Department of Systems and Computer Engineering, Carleton University, Ottawa, K1S 5B6, Canada.
Sci Rep. 2018 Aug 3;8(1):11694. doi: 10.1038/s41598-018-30044-1.
All protein-protein interaction (PPI) predictors require the determination of an operational decision threshold when differentiating positive PPIs from negatives. Historically, a single global threshold, typically optimized via cross-validation testing, is applied to all protein pairs. However, we here use data visualization techniques to show that no single decision threshold is suitable for all protein pairs, given the inherent diversity of protein interaction profiles. The recent development of high throughput PPI predictors has enabled the comprehensive scoring of all possible protein-protein pairs. This, in turn, has given rise to context, enabling us now to evaluate a PPI within the context of all possible predictions. Leveraging this context, we introduce a novel modeling framework called Reciprocal Perspective (RP), which estimates a localized threshold on a per-protein basis using several rank order metrics. By considering a putative PPI from the perspective of each of the proteins within the pair, RP rescores the predicted PPI and applies a cascaded Random Forest classifier leading to improvements in recall and precision. We here validate RP using two state-of-the-art PPI predictors, the Protein-protein Interaction Prediction Engine and the Scoring PRotein INTeractions methods, over five organisms: Homo sapiens, Saccharomyces cerevisiae, Arabidopsis thaliana, Caenorhabditis elegans, and Mus musculus. Results demonstrate the application of a post hoc RP rescoring layer significantly improves classification (p < 0.001) in all cases over all organisms and this new rescoring approach can apply to any PPI prediction method.

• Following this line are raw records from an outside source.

(* Let $m=m_n\ge1$ and $F=F_n$ be such that $(F)_2\lesssim(F)_0$ and $\mu=\log n-\frac mn(F)_1\to-\infty$ as $n\to\infty$. Then $H^*_{nmF}$ is connected with probability tending to one.
   Context: Shotgun random hypergraph: given integers $n,m\ge1$ and probability distributions $f^{(1)},\dots,f^{(m)}$ on $\{0,\dots,n\}$, write $F=f^{(1)}\times\cdots\times f^{(m)}$. $H^*_{nmF}$ is the random hypergraph with node set $\{1,\dots,n\}$ and hyperedge set $\{V_1,\dots,V_m\}$, where $V_1,\dots,V_m\subset\{1,\dots,n\}$ are mutually independent and $\mathbb{P}(V_k=A)=f^{(k)}(|A|)\binom{n}{|A|}^{-1}$. A hypergraph on node set $V$ is connected if for every partition of $V$ into nonempty sets $V_1',V_2'$ some hyperedge meets both. Moments: $(F)_r=\frac1m\sum_{k=1}^m\sum_{x=2}^n x^r f^{(k)}(x)$. $a_n\lesssim b_n$ means $\limsup a_n/|b_n|<\infty$. *)

From HB Require Import structures.
From mathcomp Require Import all_boot all_order all_algebra.
From mathcomp Require Import all_classical all_reals all_analysis.
Set Implicit Arguments. Unset Strict Implicit. Unset Printing Implicit Defensive.
Import Order.TTheory GRing.Theory Num.Theory.
Local Open Scope ring_scope.

Definition hconnected (n m : nat) (A : {ffun 'I_m -> {set 'I_n}}) : bool :=
  [forall S : {set 'I_n},
     ((S != finset.set0) && (~: S != finset.set0)) ==>
     [exists k : 'I_m, (A k :&: S != finset.set0) && (A k :&: ~: S != finset.set0)]].

(* f k x = f^(k)(x) : distribution of the size of hyperedge k on {0,...,n}. *)
Definition is_size_distr (R : realType) (n : nat) (g : nat -> R) : Prop :=
  (forall x, (x <= n)%N -> 0 <= g x) /\ \sum_(x < n.+1) g x = 1.

(* P(V_1 = A_1, ..., V_m = A_m) = prod_k f^(k)(|A_k|) / C(n, |A_k|) *)
Definition shotgun_weight (R : realType) (n m : nat) (f : nat -> nat -> R)
    (A : {ffun 'I_m -> {set 'I_n}}) : R :=
  \prod_(k < m) (f k #|A k| / ('C(n, #|A k|))%:R).

Definition prob_connected (R : realType) (n m : nat) (f : nat -> nat -> R) : R :=
  \sum_(A : {ffun 'I_m -> {set 'I_n}} | hconnected A) shotgun_weight f A.

Definition moment (R : realType) (n m : nat) (f : nat -> nat -> R) (r : nat) : R :=
  (m%:R)^-1 * \sum_(k < m) \sum_(2 <= x < n.+1) (x%:R) ^+ r * f k x.

From HB Require Import structures.
From mathcomp Require Import all_boot all_order all_algebra.
From mathcomp Require Import all_classical all_reals all_analysis.
From mathcomp Require Import ring lra zify.
Import Order.TTheory GRing.Theory Num.Theory numFieldNormedType.Exports.
Local Open Scope ring_scope.

(* A hypergraph is disconnected iff some cut (S, ~: S) is crossed by no
   hyperedge, and up to complementation 0 < |S| <= n/2 ("small cut").  By the
   union bound and independence of the hyperedges,
     P(disconnected) <= sum_{S small} prod_k P(V_k does not cross S)
                     <= sum_{S small} exp(- sum_k sum_x f^(k)(x) (1 - y^x - (1-y)^x)),
   where y = |S|/n, since an x-set missing the cut lies inside S or ~: S.
   Writing M_r = m (F)_r and lambda = M_1 / n, a quadratic and a linear lower
   bound on 1 - y^x - (1-y)^x, together with M_2 <= C M_0 and 2 M_r <= M_{r+1},
   give for each size s:  C(n, s) P(S missed) <= a^s + b^s  with
   a = e n e^-lambda and b = e C lambda e^(-2 lambda / C) (the first bound
   handles s <= n/(C lambda), the second uses s^s <= e^s s!).  Summing the
   geometric series, P(disconnected) <= 2a + 2b, and mu = ln n - lambda -> -oo
   makes both rates tend to 0.  The file proves the elementary inequalities,
   the binomial bounds, the per-size estimate, the cut counting for the
   shotgun model, and finally the theorem. *)

Section ElementaryBounds.
Variable R : realType.
(* Let $\sigma$ be a full-rank $d$-dimensional quantum state with eigendecomposition $\sigma=\sum_{i=1}^dq(i)\,|e_i\rangle\langle e_i|$ and minimum eigenvalue $\gamma=\min_iq(i)$. Let $\rho_1,\dots,\rho_T$ ($T\ge2$) be $d$-dimensional states, $\varrho=\rho_1\otimes\cdots\otimes\rho_T$, $\rho=\frac1T\sum_t\rho_t$, and $\mu=D_{\chi^2}(\rho\,\|\,\sigma)$. Define the observable $C=\sum_{i,j=1}^d\frac{|e_je_i\rangle\langle e_ie_j|}{q(i,j)}$ on $(\mathbb C^d)^{\otimes2}$ with $q(i,j)=\frac{q(i)+q(j)}2$, let $C_{st}$ denote $C$ applied to the $s$th and $t$th tensor components of $(\mathbb C^d)^{\otimes T}$, and let $M=\frac{T-1}T\Big(\binom T2^{-1}\sum_{1\le s<t\le T}C_{st}-I\Big)$. Then $$\big|\mathbb E_\varrho[M]-\mu\big|\le\sqrt{\frac d{\gamma T}}\sqrt\mu+\frac{d-1}T.$$
   Context: $\mathbb E_\varrho[Y]=\mathrm{Tr}[\varrho Y]$. Bures $\chi^2$-divergence: writing $\sigma=U\,\mathrm{diag}(q_1,\dots,q_d)U^\dagger$ and $\rho'=U^\dagger\rho U$, $D_{\chi^2}(\rho\,\|\,\sigma)=\sum_{i,j}\frac{2}{q_i+q_j}|\rho'_{ij}|^2-1$. *)

From HB Require Import structures.
From mathcomp Require Import all_boot all_order all_algebra.
From mathcomp Require Import complex sesquilinear spectral.
From mathcomp Require Import reals.
Set Implicit Arguments. Unset Strict Implicit. Unset Printing Implicit Defensive.
Import Order.TTheory GRing.Theory Num.Theory.
Local Open Scope ring_scope.
Local Open Scope sesquilinear_scope.

Section QuantumDefs.
Variable R : realType.
Local Notation C := R[i].

Definition adjmx m n (A : 'M[C]_(m, n)) : 'M[C]_(n, m) := A ^t*.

所有蛋白质-蛋白质相互作用 (PPI) 预测器都需要在区分阳性 PPI 和阴性 PPI 时确定操作决策阈值。传统上,通常通过交叉验证测试进行优化的单个全局阈值适用于所有蛋白质对。然而,我们使用数据可视化技术来表明,鉴于蛋白质相互作用谱的固有多样性,没有单个决策阈值适用于所有蛋白质对。最近高通量 PPI 预测器的发展使得对所有可能的蛋白质-蛋白质对进行全面评分成为可能。这反过来又产生了上下文,使我们现在能够在所有可能的预测的背景下评估 PPI。利用这种上下文,我们引入了一种称为互惠视角 (RP) 的新建模框架,该框架使用几种排序度量在每个蛋白质的基础上估计局部阈值。通过从对偶蛋白对中每一个蛋白质的角度考虑假定的 PPI,RP 重新评分预测的 PPI,并应用级联随机森林分类器,从而提高召回率和精度。我们在这里使用两种最先进的 PPI 预测器,即蛋白质-蛋白质相互作用预测引擎和评分 PRotein INTeractions 方法,在五个生物体上验证 RP:智人、酿酒酵母、拟南芥、秀丽隐杆线虫和小家鼠。结果表明,在后处理 RP 重新评分层的应用显著提高了所有生物体中所有情况下的分类(p < 0.001),并且这种新的重新评分方法可应用于任何 PPI 预测方法。